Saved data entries
Lemma valley_length_le (S : list nat) (f : nat -> nat) u k :
  NoDup S -> (forall x, In x S -> x <> u -> (0 < f x <= k)%nat) ->
  decreasing_towards S f u -> (length S <= 2 * k + 1)%nat.
Proof.
  intros HS Hf Hval.
  set (code t := if t =? u then 0%nat else (2 * f t - (if t <? u then 1 else 0))%nat).
  apply (NoDup_length_le_inj S code); [exact HS | |].
  - intros x Hx; unfold code.
    destruct (Nat.eqb_spec x u) as [|Hxu]; [lia|]. specialize (Hf x Hx Hxu).
    destruct (x <? u); lia.
  - intros x y Hx Hy; unfold code.
    pose proof (Hval x y Hx Hy); pose proof (Hval y x Hy Hx).
    destruct (Nat.eqb_spec x u) as [|Hxu], (Nat.eqb_spec y u) as [|Hyu];
      try pose proof (Hf x Hx Hxu); try pose proof (Hf y Hy Hyu);
      destruct (Nat.ltb_spec x u), (Nat.ltb_spec y u); lia.
Qed.

Lemma Rpower_pos x a : 0 < Rpower x a.
Proof. apply exp_pos. Qed.

Lemma Rpower_le_antitone a b c : c <= 0 -> 0 < a <= b -> Rpower b c <= Rpower a c.
Proof.
  intros Hc Hab. rewrite <- (Ropp_involutive c), (Rpower_Ropp a), (Rpower_Ropp b).
  apply Rinv_le_contravar; [apply Rpower_pos | apply Rle_Rpower_l; lra].
Qed.

Lemma Rpower_lt_antitone a b c : c < 0 -> 0 < a < b -> Rpower b c < Rpower a c.
Proof.
  intros Hc Hab. rewrite <- (Ropp_involutive c), (Rpower_Ropp a), (Rpower_Ropp b).
  apply Rinv_lt_contravar; [apply Rmult_lt_0_compat; apply Rpower_pos | apply Rlt_Rpower_l; lra].
Qed.

Lemma Rpower_sqr x a : 0 < x -> Rpower (x * x) (a / 2) = Rpower x a.
Proof.
  intros Hx. rewrite <- Rpower_mult_distr, <- Rpower_plus by assumption. f_equal; field.
Qed.

Lemma cost_nonneg d k : 0 <= cost d k.
Proof. destruct k; [apply Rle_refl | apply Rlt_le, Rpower_pos]. Qed.

Lemma cost_div_INR d k : (1 <= k)%nat -> cost d k / INR k = Rpower (INR k) (d - 1).
Proof.
  intros Hk. destruct k as [|k]; [lia|]. unfold cost. fold (INR (S k)).
  assert (0 < INR (S k)) by (apply lt_0_INR; lia).
  replace (d - 1) with (d + - (1)) by ring.
  rewrite Rpower_plus, Rpower_Ropp, Rpower_1 by assumption; reflexivity.
Qed.

Lemma cost_div_nonneg d k : 0 <= cost d k / INR k.
Proof.
  destruct k as [|k].
  - simpl; unfold Rdiv; rewrite Rmult_0_l; apply Rle_refl.
  - rewrite cost_div_INR by lia; apply Rlt_le, Rpower_pos.
Qed.

Lemma cost_div_lt d a b : d < 1 -> (1 <= a < b)%nat -> cost d b / INR b < cost d a / INR a.
Proof.
  intros Hd Hab. rewrite !cost_div_INR by lia.
  apply Rpower_lt_antitone; [lra | split; [apply lt_0_INR | apply lt_INR]; lia].
Qed.

Lemma cost_div_le_of_sqr_ge d k m : d <= 1 -> (1 <= m <= k * k)%nat ->
  cost d k / INR k <= Rpower (INR m) ((d - 1) / 2).
Proof.
  intros Hd Hm. assert (Hk : (1 <= k)%nat) by nia.
  rewrite cost_div_INR, <- (Rpower_sqr (INR k)) by (auto; apply lt_0_INR; lia).
  apply Rpower_le_antitone; [lra|]. split; [apply lt_0_INR; lia | rewrite <- mult_INR; apply le_INR; lia].
Qed.

Lemma cost_le_of_sqr_le d k m : 0 < d -> (k * k <= m)%nat -> cost d k <= Rpower (INR m) (d / 2).
Proof.
  intros Hd Hkm. destruct k as [|k]; [apply Rlt_le, Rpower_pos|].
  unfold cost; fold (INR (S k)). rewrite <- Rpower_sqr by (apply lt_0_INR; lia).
  apply Rle_Rpower_l; [lra|]. split; [apply Rmult_lt_0_compat; apply lt_0_INR; lia|].
  rewrite <- mult_INR; apply le_INR; exact Hkm.
Qed.

Lemma INR_sqrt_le m : INR (Nat.sqrt m) <= sqrt (INR m).
Proof.
  rewrite <- (sqrt_square (INR (Nat.sqrt m))) by apply pos_INR.
  apply sqrt_le_1_alt. rewrite <- mult_INR. apply le_INR, Nat.sqrt_spec; lia.
Qed.

Lemma heavy_light_total_le d m c : (1 <= m)%nat -> (c <= 2 * Nat.sqrt m + 1)%nat ->
  INR m * Rpower (INR m) ((d - 1) / 2) + INR c * Rpower (INR m) (d / 2)
  <= 4 * cost d m * Rpower (INR m) ((1 - d) / 2).
Proof.
  intros Hm Hc. set (x := INR m).
  assert (Hx : 1 <= x) by (apply (le_INR 1); exact Hm).
  assert (Hcost : cost d m = Rpower x d) by (destruct m; [lia | reflexivity]).
  assert (Hheavy : x * Rpower x ((d - 1) / 2) = Rpower x d * Rpower x ((1 - d) / 2)).
  { rewrite <- (Rpower_1 x) at 1 by lra. rewrite <- !Rpower_plus. f_equal; field. }
  assert (Hlight : sqrt x * Rpower x (d / 2) = Rpower x d * Rpower x ((1 - d) / 2)).
  { rewrite <- Rpower_sqrt, <- !Rpower_plus by lra. f_equal; field. }
  assert (Hsqrt1 : 1 <= sqrt x) by (rewrite <- sqrt_1; apply sqrt_le_1_alt; exact Hx).
  assert (Hcount : INR c <= 3 * sqrt x).
  { apply le_INR in Hc. rewrite plus_INR, mult_INR in Hc. simpl INR in Hc.
    pose proof (INR_sqrt_le m) as Hsqrt; fold x in Hsqrt. lra. }
  pose proof (Rpower_pos x (d / 2)).
  assert (INR c * Rpower x (d / 2) <= 3 * sqrt x * Rpower x (d / 2))
    by (apply Rmult_le_compat_r; lra).
  rewrite Hcost; lra.
Qed.

Section NashVersusOptimum.

Variables (d : R) (T n : nat) (r dl : nat -> nat).

Definition cost_share (f : nat -> nat) (t : nat) : R := cost d (load n f t) / INR (load n f t).

Lemma load_mul_cost_share f t : INR (load n f t) * cost_share f t = cost d (load n f t).
Proof.
  unfold cost_share; destruct (load n f t) as [|k].
  - simpl; ring.
  - field; apply not_0_INR; lia.
Qed.

Lemma load_le f t : (load n f t <= n)%nat.
Proof. unfold load. rewrite <- (length_seq n 0) at 2. apply filter_length_le. Qed.

Lemma load_pos f j : (j < n)%nat -> (1 <= load n f (f j))%nat.
Proof.
  intros Hj. unfold load.
  assert (Hin : In j (filter (fun i => f i =? f j) (seq 0 n)))
    by (apply filter_In; split; [apply in_seq; lia | apply Nat.eqb_refl]).
  destruct (filter _ _); [destruct Hin | simpl; lia].
Qed.

Lemma cost_mul_Rpower_load_le f t a : 0 <= a ->
  cost d (load n f t) * Rpower (INR (load n f t)) a <= Rpower (INR n) a * cost d (load n f t).
Proof.
  intros Ha. rewrite Rmult_comm. destruct (load n f t) as [|k] eqn:Hk; [simpl; lra|].
  apply Rmult_le_compat_r; [apply cost_nonneg|]. apply Rle_Rpower_l; [exact Ha|].
  split; [apply lt_0_INR; lia | rewrite <- Hk; apply le_INR, load_le].
Qed.

Hypothesis Hgame : valid_game T n r dl.

Lemma sumR_group_by_slot f F : assignment n r dl f ->
  sumR F (seq 0 n) = sumR (fun t => sumR (fun j => if f j =? t then F j else 0) (seq 0 n)) (seq 1 T).
Proof.
  intros Hf. apply sumR_partition; [apply seq_NoDup|]. intros j Hj. apply in_seq in Hj.
  destruct (Hgame j ltac:(lia)) as [? [? ?]], (Hf j ltac:(lia)). apply in_seq; lia.
Qed.

Lemma total_cost_shares f : assignment n r dl f ->
  total_cost d T n f = sumR (fun j => cost_share f (f j)) (seq 0 n).
Proof.
  intros Hf. rewrite (sumR_group_by_slot f) by exact Hf. apply sumR_ext; intros t _.
  rewrite (sumR_fiber f (cost_share f)). apply eq_sym, load_mul_cost_share.
Qed.

Variables (s sopt : nat -> nat).
Hypotheses (hd0 : 0 < d) (hd1 : d < 1).
Hypotheses (Hnash : nash_eq d n r dl s) (Hopt : assignment n r dl sopt).

Lemma nash_load_lt j t : (j < n)%nat -> t <> s j -> (r j <= t < dl j)%nat ->
  (load n s t < load n s (s j))%nat.
Proof.
  intros Hj Ht Hwin. pose proof (proj2 Hnash j t Hj Ht (proj1 Hwin) (proj2 Hwin)) as Hle.
  pose proof (load_pos s j Hj).
  destruct (Nat.lt_ge_cases (load n s t) (load n s (s j))) as [|Hge]; [assumption|].
  exfalso. pose proof (cost_div_lt d (load n s (s j)) (load n s t + 1) hd1 ltac:(lia)). lra.
Qed.

Definition light (m t : nat) : bool := load n s t * load n s t <? m.

Definition hosts (u t : nat) : bool := existsb (fun j => (s j =? t) && (sopt j =? u)) (seq 0 n).

Lemma hostsP u t : hosts u t = true <-> exists j, (j < n)%nat /\ s j = t /\ sopt j = u.
Proof.
  unfold hosts; rewrite existsb_exists; split.
  - intros [j [Hj Hst]]. apply in_seq in Hj. apply andb_true_iff in Hst as [Hs Hu].
    apply Nat.eqb_eq in Hs, Hu. exists j; repeat split; [lia | assumption | assumption].
  - intros [j [Hj [Hs Hu]]]. exists j; split; [apply in_seq; lia|].
    apply andb_true_iff; split; apply Nat.eqb_eq; assumption.
Qed.

(* A job at [t] that the optimum puts at [u] may move to any slot between them. *)
Lemma hosts_load_lt u t y : hosts u t = true -> (t < y <= u \/ u <= y < t)%nat ->
  (load n s y < load n s t)%nat.
Proof.
  intros Hh Hy. apply hostsP in Hh as [j [Hj [<- <-]]].
  destruct (proj1 Hnash j Hj), (Hopt j Hj). apply nash_load_lt; [exact Hj | lia | lia].
Qed.

Lemma light_hosts_count m u :
  (length (filter (fun t => light m t && hosts u t) (seq 1 T)) <= 2 * Nat.sqrt m + 1)%nat.
Proof.
  apply (valley_length_le _ (load n s) u); [apply NoDup_filter, seq_NoDup | |].
  - intros x Hx _. apply filter_In in Hx as [_ Hx]. apply andb_true_iff in Hx as [Hl Hh].
    apply Nat.ltb_lt in Hl. split.
    + apply hostsP in Hh as [j [Hj [<- _]]]. apply load_pos; exact Hj.
    + apply Nat.sqrt_le_square; lia.
  - intros x y Hx _ Hxy. apply filter_In in Hx as [_ Hx]. apply andb_true_iff in Hx as [_ Hh].
    apply (hosts_load_lt u); assumption.
Qed.

Lemma light_shares_le m u :
  sumR (fun j => if (sopt j =? u) && light m (s j) then cost_share s (s j) else 0) (seq 0 n)
  <= INR (length (filter (fun t => light m t && hosts u t) (seq 1 T))) * Rpower (INR m) (d / 2).
Proof.
  rewrite (sumR_group_by_slot s) by apply Hnash. rewrite <- sumR_if_const.
  apply sumR_le; intros t _.
  set (G t := if light m t && hosts u t then cost_share s t else 0).
  apply Rle_trans with (sumR (fun j => if s j =? t then G (s j) else 0) (seq 0 n)).
  - apply sumR_le; intros j Hj. apply in_seq in Hj.
    destruct (Nat.eqb_spec (s j) t) as [<-|_]; [|apply Rle_refl].
    assert (Hhost : (sopt j =? u) = true -> hosts u (s j) = true)
      by (intros Hu; apply hostsP; exists j; repeat split; [lia | apply Nat.eqb_eq; exact Hu]).
    pose proof (cost_div_nonneg d (load n s (s j))).
    unfold G, cost_share in *; destruct (sopt j =? u), (light m (s j)), (hosts u (s j));
      simpl; lra.
  - rewrite sumR_fiber. fold (load n s t). unfold G.
    destruct (light m t) eqn:Hl, (hosts u t); simpl; try (rewrite Rmult_0_r; apply Rle_refl).
    rewrite load_mul_cost_share. apply cost_le_of_sqr_le; [exact hd0|].
    apply Nat.ltb_lt in Hl; lia.
Qed.

Lemma optimal_slot_shares_le u :
  sumR (fun j => if sopt j =? u then cost_share s (s j) else 0) (seq 0 n)
  <= 4 * cost d (load n sopt u) * Rpower (INR (load n sopt u)) ((1 - d) / 2).
Proof.
  set (m := load n sopt u).
  destruct (Nat.eq_dec m 0) as [Hm0|Hm].
  - rewrite sumR_zero, Hm0; [simpl; lra|].
    intros j Hj; apply in_seq in Hj. destruct (Nat.eqb_spec (sopt j) u) as [<-|]; [|reflexivity].
    pose proof (load_pos sopt j ltac:(lia)) as Hpos; fold m in Hpos; lia.
  - set (q := Rpower (INR m) ((d - 1) / 2)).
    apply Rle_trans with (sumR (fun j => (if sopt j =? u then q else 0)
       + (if (sopt j =? u) && light m (s j) then cost_share s (s j) else 0)) (seq 0 n)).
    + apply sumR_le; intros j Hj; apply in_seq in Hj.
      pose proof (Rpower_pos (INR m) ((d - 1) / 2)) as Hq; fold q in Hq.
      pose proof (cost_div_nonneg d (load n s (s j))).
      destruct (sopt j =? u); simpl; [|lra]. unfold cost_share.
      destruct (light m (s j)) eqn:Hl; [lra|].
      apply Nat.ltb_ge in Hl.
      pose proof (cost_div_le_of_sqr_ge d (load n s (s j)) m ltac:(lra) ltac:(lia)) as Hheavy.
      fold q in Hheavy; lra.
    + rewrite sumR_plus, sumR_if_const. fold (load n sopt u); fold m.
      pose proof (light_shares_le m u). unfold q.
      pose proof (heavy_light_total_le d m _ ltac:(lia) (light_hosts_count m u)). lra.
Qed.

End NashVersusOptimum.

Theorem lemma1 (d : R) (hd0 : 0 < d) (hd1 : d < 1) :
  exists K : R, 0 < K /\
    forall (T n : nat) (r dl : nat -> nat) (s sopt : nat -> nat),
      valid_game T n r dl ->
      nash_eq d n r dl s ->
      optimal d T n r dl sopt ->
      total_cost d T n s <= K * Rpower (INR n) ((1 - d) / 2) * total_cost d T n sopt.
Proof.
  exists 4. split; [lra|]. intros T n r dl s sopt Hgame Hnash [Hopt _].
  rewrite (total_cost_shares d T n r dl Hgame s (proj1 Hnash)).
  rewrite (sumR_group_by_slot T n r dl Hgame sopt) by exact Hopt.
  unfold total_cost; fold (sumR (fun u => cost d (load n sopt u)) (seq 1 T)).
  rewrite <- sumR_scal_l. apply sumR_le; intros u _.
  eapply Rle_trans; [apply (optimal_slot_shares_le d T n r dl Hgame s sopt); assumption|].
  pose proof (cost_mul_Rpower_load_le d n sopt u ((1 - d) / 2) ltac:(lra)). lra.
Qed.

▶ **INSTRUCTIONS FOR THE TASK**:
Locate the word "assumption" in the data above. Copy every line carrying it.

▶ **RESULT**:
  intros Hx. rewrite <- Rpower_mult_distr, <- Rpower_plus by assumption. f_equal; field.
  rewrite Rpower_plus, Rpower_Ropp, Rpower_1 by assumption; reflexivity.
  destruct (Nat.lt_ge_cases (load n s t) (load n s (s j))) as [|Hge]; [assumption|].
    apply Nat.eqb_eq in Hs, Hu. exists j; repeat split; [lia | assumption | assumption].
    apply andb_true_iff; split; apply Nat.eqb_eq; assumption.
    apply (hosts_load_lt u); assumption.
  eapply Rle_trans; [apply (optimal_slot_shares_le d T n r dl Hgame s sopt); assumption|].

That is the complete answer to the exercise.